(* For every $n\in\mathbb N$ there is an isomorphism of $\Bbbk\mathfrak S_n\otimes\Bbbk\mathbf{FA}^{\mathrm{op}}$-modules $$\hom_{\Bbbk\mathbf{FA}}(\overline P^{\otimes n},P^{\mathbf{FA}}_{\bullet})\;\cong\;\Bbbk\mathbf{FS}(\bullet,\mathbf n).$$ More precisely, the map $$\hom_{\Bbbk\mathbf{FA}}(P^{\mathbf{FA}}_{\mathbf n},P^{\mathbf{FA}}_{\mathbf t})\longrightarrow \hom_{\Bbbk\mathbf{FA}}(\overline P^{\otimes n},P^{\mathbf{FA}}_{\mathbf t})$$ given by restriction along the inclusion $\overline P^{\otimes n}\hookrightarrow P^{\mathbf{FA}}_{\mathbf n}$ is identified, via the Yoneda isomorphism $\hom_{\Bbbk\mathbf{FA}}(P^{\mathbf{FA}}_{\mathbf n},P^{\mathbf{FA}}_{\mathbf t})\cong\Bbbk\mathbf{FA}(\mathbf t,\mathbf n)$, with the surjection $\Bbbk\mathbf{FA}(\mathbf t,\mathbf n)\twoheadrightarrow\Bbbk\mathbf{FS}(\mathbf t,\mathbf n)$ that sends each surjective map to itself and each non-surjective map to $0$; this identification is natural in $\mathbf t\in\mathbf{FA}^{\mathrm{op}}$ and $\mathfrak S_n$-equivariant.
   Context: Let $\Bbbk$ be a field. $\mathbf{FA}$ denotes the category of finite sets and all maps, and $\mathbf{FI}$, $\mathbf{FS}$, $\mathbf{FB}$ its wide subcategories of injections, surjections and bijections respectively; $\mathbf n=\{1,\dots,n\}$ for $n\in\mathbb N$ ($\mathbf 0=\emptyset$), and $\mathfrak S_n$ is the symmetric group. For a category $\mathcal C$, $\Bbbk\mathcal C(X,Y)$ is the $\Bbbk$-vector space with basis $\mathcal C(X,Y)$. A $\Bbbk\mathbf{FA}$-module is a functor from $\mathbf{FA}$ to $\Bbbk$-vector spaces (these form the abelian category $\mathcal F(\mathbf{FA})$); $\otimes$ denotes the pointwise tensor product over $\Bbbk$, and $\hom_{\Bbbk\mathbf{FA}}$ denotes natural transformations. $P^{\mathbf{FA}}_{\mathbf n}:=\Bbbk\mathbf{FA}(\mathbf n,-)$, so $P^{\mathbf{FA}}_{\mathbf n}(X)\cong\Bbbk[X]^{\otimes n}$ (where $\Bbbk[X]$ has basis $\{[x]:x\in X\}$), with the right $\mathfrak S_n$-action by precomposition, equivalently place permutation of tensor factors; write $P^{\mathbf{FA}}:=P^{\mathbf{FA}}_{\mathbf 1}$. Let $\overline{\Bbbk}$ be the functor with value $\Bbbk$ on non-empty sets (all maps acting by the identity) and $0$ on $\emptyset$, and $\Bbbk_{\mathbf 0}$ the functor with value $\Bbbk$ on $\emptyset$ and $0$ on non-empty sets. $\overline P$ is the kernel of the surjection $P^{\mathbf{FA}}\to\overline\Bbbk$, $[x]\mapsto 1$; thus $\overline P(X)=\{\sum_x a_x[x]:\sum_x a_x=0\}$. For $n\ge1$, $\overline P^{\otimes n}$ is the $n$-fold pointwise tensor power, a subfunctor of $P^{\mathbf{FA}}_{\mathbf n}$ stable under the place-permutation right action of $\mathfrak S_n$; by convention $\overline P^{\otimes 0}:=\overline\Bbbk$. $\Bbbk\mathbf{FS}(-,\mathbf n)$ is regarded as a $\Bbbk\mathbf{FA}^{\mathrm{op}}$-module (contravariant functor on $\mathbf{FA}$) as the quotient of $\Bbbk\mathbf{FA}(-,\mathbf n)$ by the span of non-surjective maps: for $h:Y\to X$ and a surjection $g:X\to\mathbf n$, $[g]\cdot h=[g\circ h]$ if $g\circ h$ is surjective and $0$ otherwise; $\mathfrak S_n$ acts by postcomposition. *)

(* Concrete model of kFA-modules restricted to the skeleton
   {'I_m : m in nat} of FA (finite sets 'I_m = {0,..,m-1}). *)
From HB Require Import structures.
From mathcomp Require Import all_boot all_order all_algebra all_fingroup.
Set Implicit Arguments. Unset Strict Implicit. Unset Printing Implicit Defensive.
Import GRing.Theory.
Local Open Scope ring_scope.

Notation PFA K n m := {ffun {ffun 'I_n -> 'I_m} -> K}.

Section Defs.
Variable K : fieldType.

(* P^{FA}_n ('I_m) = k FA(n, m) = k['I_m]^{(x) n}: coefficient vectors on the
   basis of maps g : 'I_n -> 'I_m  ([g] <-> [g 1] (x) ... (x) [g n]). *)

Definition Pmap (n m p : nat) (f : 'I_m -> 'I_p) (v : PFA K n m) : PFA K n p :=
  [ffun g' : {ffun 'I_n -> 'I_p} =>
     \sum_(g : {ffun 'I_n -> 'I_m} | [ffun i => f (g i)] == g') v g].

(* contravariant action of h : 'I_s -> 'I_t : P_t -> P_s, [g] |-> [g o h]
   (for s = t = n and h a permutation this is the right S_n-action,
    i.e. place permutation of tensor factors). *)
Definition Pre (s t m : nat) (h : 'I_s -> 'I_t) (v : PFA K t m) : PFA K s m :=
  [ffun g' : {ffun 'I_s -> 'I_m} =>
     \sum_(g : {ffun 'I_t -> 'I_m} | [ffun i => g (h i)] == g') v g].

Definition ptens (n m : nat) (u : 'I_n -> {ffun 'I_m -> K}) : PFA K n m :=
  [ffun g : {ffun 'I_n -> 'I_m} => \prod_(i < n) u i (g i)].

(* v lies in Pbar^{(x) n}('I_m): for n >= 1, v is in the span of the pure
   tensors of elements of Pbar('I_m) = {sum_x a_x [x] | sum_x a_x = 0};
   for n = 0, Pbar^{(x) 0} = kbar (k on non-empty sets, 0 on the empty set). *)
Definition Pbar_tens (n m : nat) (v : PFA K n m) : Prop :=
  if n is 0 then (0 < m)%N \/ v = 0
  else exists (N : nat) (u : 'I_N -> 'I_n -> {ffun 'I_m -> K}),
      (forall j i, \sum_(x < m) u j i x = 0) /\ v = \sum_(j < N) ptens (u j).

Definition is_hom (n t : nat) (alpha : forall m, PFA K n m -> PFA K t m) : Prop :=
  (forall m (c : K) (v w : PFA K n m), Pbar_tens v -> Pbar_tens w ->
      alpha m [ffun g => c * v g + w g] =
        [ffun g' => c * alpha m v g' + alpha m w g']) /\
  (forall m p (f : 'I_m -> 'I_p) (v : PFA K n m), Pbar_tens v ->
      alpha p (Pmap f v) = Pmap f (alpha m v)).

Definition hom_eq (n t : nat) (alpha beta : forall m, PFA K n m -> PFA K t m) : Prop :=
  forall m (v : PFA K n m), Pbar_tens v -> alpha m v = beta m v.

(* Yoneda: a = sum_phi a_phi [phi] in kFA('I_t,'I_n) = P_t('I_n) gives the
   natural transformation P_n -> P_t, [g] |-> sum_phi a_phi [g o phi];
   Yon a restricted to Pbar^{(x) n} is the restriction map of the statement. *)
Definition Yon (n t : nat) (a : PFA K t n) (m : nat) (v : PFA K n m) : PFA K t m :=
  [ffun psi : {ffun 'I_t -> 'I_m} =>
     \sum_(g : {ffun 'I_n -> 'I_m})
       \sum_(phi : {ffun 'I_t -> 'I_n} | [ffun i => g (phi i)] == psi)
          v g * a phi].
(* Let a graph grammar (a finite set of substitutions $Sub_i=(\Gamma_i,\Gamma_i',V_{i,0},\varphi_i)$, $i=1,\dots,r$) be local, locally bounded and respect connectivity, and let $n$ be sufficiently large, with $G(0)\in GC_n$. Then the grammar is metrically bounded from above: there exists a constant $C=C(n)>0$ such that for each spin graph $\alpha=(G,s)$ (with $G\in GC_n$), each pair of vertices $x,y\in V(G)$ and each transformation $T=T(Sub_i,\psi)$ applicable to $\alpha$, $$d_{TG}(x,y)\le d_G(x,y)+C,$$ where $TG$ denotes the graph of $T\alpha$.
   Context: Graphs are non-directed, connected, with at most one edge between any two vertices and every vertex of finite degree. $GF_n$ (resp. $GC_n$) is the set of finite (resp. countable) such graphs in which every vertex has degree at most $n$. $d_G(x,y)$ is the graph distance (minimal number of edges of a path from $x$ to $y$) in $G$. A spin graph is a pair $\alpha=(G,s)$ with $s:V(G)\to S$ for a fixed alphabet $S$. A substitution rule $Sub=(\Gamma,\Gamma',V_0,\varphi)$ consists of two finite spin graphs $\Gamma,\Gamma'$, a subset $V_0\subset V(\Gamma)$ and a map $\varphi:V_0\to V(\Gamma')$ ($V_0$ and $\Gamma'$ may be empty). Given an isomorphism of spin graphs $\psi:\Gamma\to\Gamma_1$ onto a spin subgraph $\Gamma_1$ of $\alpha$, the transformation $T(Sub,\psi)\alpha$ is obtained by: taking the disjoint union of $\alpha$ and $\Gamma'$, deleting all links of $\Gamma_1$, deleting all vertices of $\psi(V(\Gamma))\setminus\psi(V_0)$ together with their incident links, and identifying each $\psi(v)$, $v\in V_0$, with $\varphi(v)\in V(\Gamma')$; spins outside $\Gamma_1$ are inherited from $\alpha$ and on $V(\Gamma')$ from $\Gamma'$. A graph grammar is a finite set of substitutions; it is local if every $\Gamma_i$ is connected; it is locally bounded if, for all sufficiently large $n$, the sets $GF_n$ and $GC_n$ are invariant under all its substitutions; it respects connectivity if $T(Sub_i,\psi)\alpha$ is connected whenever $\alpha$ is connected, for all possible $i,\psi$. *)

From HB Require Import structures.
From mathcomp Require Import all_boot.
Lemma KL_perturb_le n (Q Q0 d : 'I_n -> R) t :
  (forall j, 0 < Q j) -> (forall j, 0 < Q0 j) -> (forall j, 0 < Q j + t * d j) ->
  \sum_j d j = 0 ->
  KL (fun j => Q j + t * d j) Q0 <=
    KL Q Q0 + t * \sum_j d j * ln (Q j / Q0 j) + t ^+ 2 * \sum_j d j ^+ 2 / Q j.
Proof.
move=> HQ HQ0 HQt sd.
have term j : (Q j + t * d j) * ln ((Q j + t * d j) / Q0 j) <=
    Q j * ln (Q j / Q0 j) + t * (d j * ln (Q j / Q0 j)) + t * d j
    + t ^+ 2 * (d j ^+ 2 / Q j).
  have Qj := HQ j; have Q0j := HQ0 j; have Qtj := HQt j.
  have := ln_le_subr1 (divr_gt0 Qtj Qj).
  rewrite !ln_div ?posrE // => /(ler_wpM2l (ltW Qtj)).
  have -> : (Q j + t * d j) * ((Q j + t * d j) / Q j - 1) =
            t * d j + t ^+ 2 * (d j ^+ 2 / Q j) by field; rewrite gt_eqF.
  lra.
apply: le_trans (ler_sum _ (fun j _ => term j)) _.
by rewrite !big_split /= -!mulr_sumr sd mulr0 addr0.
Qed.

Section Combinations.
Variables (m n : nat) (P : 'I_m -> 'I_n -> R).
Hypothesis HP : forall i, in_simplex (P i).

Lemma sum_comb_mul l (h : 'I_n -> R) :
  \sum_j comb P l j * h j = \sum_i l i * \sum_j P i j * h j.
Proof.
rewrite /comb; under eq_bigr do rewrite mulr_suml.
rewrite exchange_big /=; apply: eq_bigr => i _; rewrite mulr_sumr.
by apply: eq_bigr => j _; rewrite mulrA.
Qed.

Lemma sum_comb l : \sum_j comb P l j = \sum_i l i.
Proof.
rewrite /comb exchange_big /=; apply: eq_bigr => i _.
by rewrite -mulr_sumr (HP i).2 mulr1.
Qed.

Lemma comb_gt0 l : in_csimplex l -> forall j, 0 < comb P l j.
Proof.
move=> [l0 l1] j; have Pl0 i : true -> 0 <= l i * P i j.
  by move=> _; rewrite mulr_ge0 // ltW // (HP i).1.
rewrite lt_def sumr_ge0 // andbT; apply/eqP => /(psumr_eq0P Pl0) Pl.
have l_eq0 i : l i = 0.
  by have /eqP := Pl i isT; rewrite mulf_eq0 (gt_eqF ((HP i).1 j)) orbF => /eqP.
by move: l1; rewrite big1 // => /eqP; rewrite eq_sym oner_eq0.
Qed.

Lemma sum_comb_KL_sub l (Q0 Q Q' : 'I_n -> R) :
  (forall j, 0 < Q0 j) -> (forall j, 0 < Q j) -> (forall j, 0 < Q' j) ->
  (forall j, comb P l j = Q' j) ->
  \sum_i l i * (KL (P i) Q0 - KL (P i) Q) = KL Q' Q0 - KL Q' Q.
Proof.
move=> HQ0 HQ HQ' lQ'.
under eq_bigr => i _ do rewrite (KL_subE (HP i).1 HQ0 HQ).
by rewrite -sum_comb_mul KL_subE //; apply: eq_bigr => j _; rewrite lQ'.
Qed.

Lemma mutinfE l : mutinf P l = \sum_i l i * KL (P i) (comb P l).
Proof.
by apply: eq_bigr => i _; rewrite mulr_sumr; apply: eq_bigr => j _; rewrite mulrA.
Qed.

Lemma mutinf_KL_sub l (Q : 'I_n -> R) : in_csimplex l -> (forall j, 0 < Q j) ->
  mutinf P l = \sum_i l i * KL (P i) Q - KL (comb P l) Q.
Proof.
move=> hl HQ; have Hc := comb_gt0 hl.
have := sum_comb_KL_sub HQ Hc Hc (fun j => erefl); rewrite KLxx subr0 => <-.
by rewrite mutinfE -sumrB; apply: eq_bigr => i _; ring.
Qed.

Lemma capacity_achieving_of_KL_le l (Q : 'I_n -> R) C :
  in_csimplex l -> (forall j, comb P l j = Q j) ->
  (forall i, KL (P i) Q <= C) -> (forall i, 0 < l i -> KL (P i) Q = C) ->
  capacity_achieving P l /\
  forall mu, capacity_achieving P mu -> (forall j, comb P mu j = Q j) /\ mutinf P mu = C.
Proof.
move=> hl lQ KL_le KL_eq.
have HQ j : 0 < Q j by rewrite -lQ comb_gt0.
have sumQ : \sum_j Q j = 1 by under eq_bigr do rewrite -lQ; rewrite sum_comb hl.2.
have KL_comb mu : in_csimplex mu -> 0 <= KL (comb P mu) Q.
  by move=> hmu; apply: KL_ge0 => //; [exact: comb_gt0 | rewrite sum_comb hmu.2].
have avg_le mu : in_csimplex mu -> \sum_i mu i * KL (P i) Q <= C.
  move=> [mu0 mu1]; rewrite -[leRHS]mul1r -mu1 mulr_suml.
  by apply: ler_sum => i _; rewrite ler_wpM2l.
have mutinf_le mu : in_csimplex mu -> mutinf P mu <= C.
  by move=> hmu; rewrite (mutinf_KL_sub hmu HQ); have := avg_le _ hmu; have := KL_comb _ hmu; lra.
have mutinf_l : mutinf P l = C.
  rewrite (mutinf_KL_sub hl HQ) (_ : KL (comb P l) Q = 0); last first.
    by rewrite -(KLxx Q); apply: eq_bigr => j _; rewrite lQ.
  rewrite subr0 -[RHS]mul1r -hl.2 mulr_suml; apply: eq_bigr => i _.
  have [->|li0] := eqVneq (l i) 0; first by rewrite !mul0r.
  by rewrite KL_eq // lt_def li0 hl.1.
have cap_l : capacity_achieving P l by split=> // mu /mutinf_le; rewrite mutinf_l.
split=> // mu [hmu mu_max]; have mu_C : mutinf P mu = C.
  by apply/eqP; rewrite eq_le mutinf_le //= -mutinf_l mu_max.
split=> //; apply: KL_le0_eq => //; first exact: comb_gt0.
  by rewrite sum_comb hmu.2.
by move: mu_C; rewrite (mutinf_KL_sub hmu HQ); have := avg_le _ hmu; lra.
Qed.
:::::
* Action item *
Your answer should be the lines above that contain the word "Section", copied out.

* Written answer *
Section Defs.
Section Combinations.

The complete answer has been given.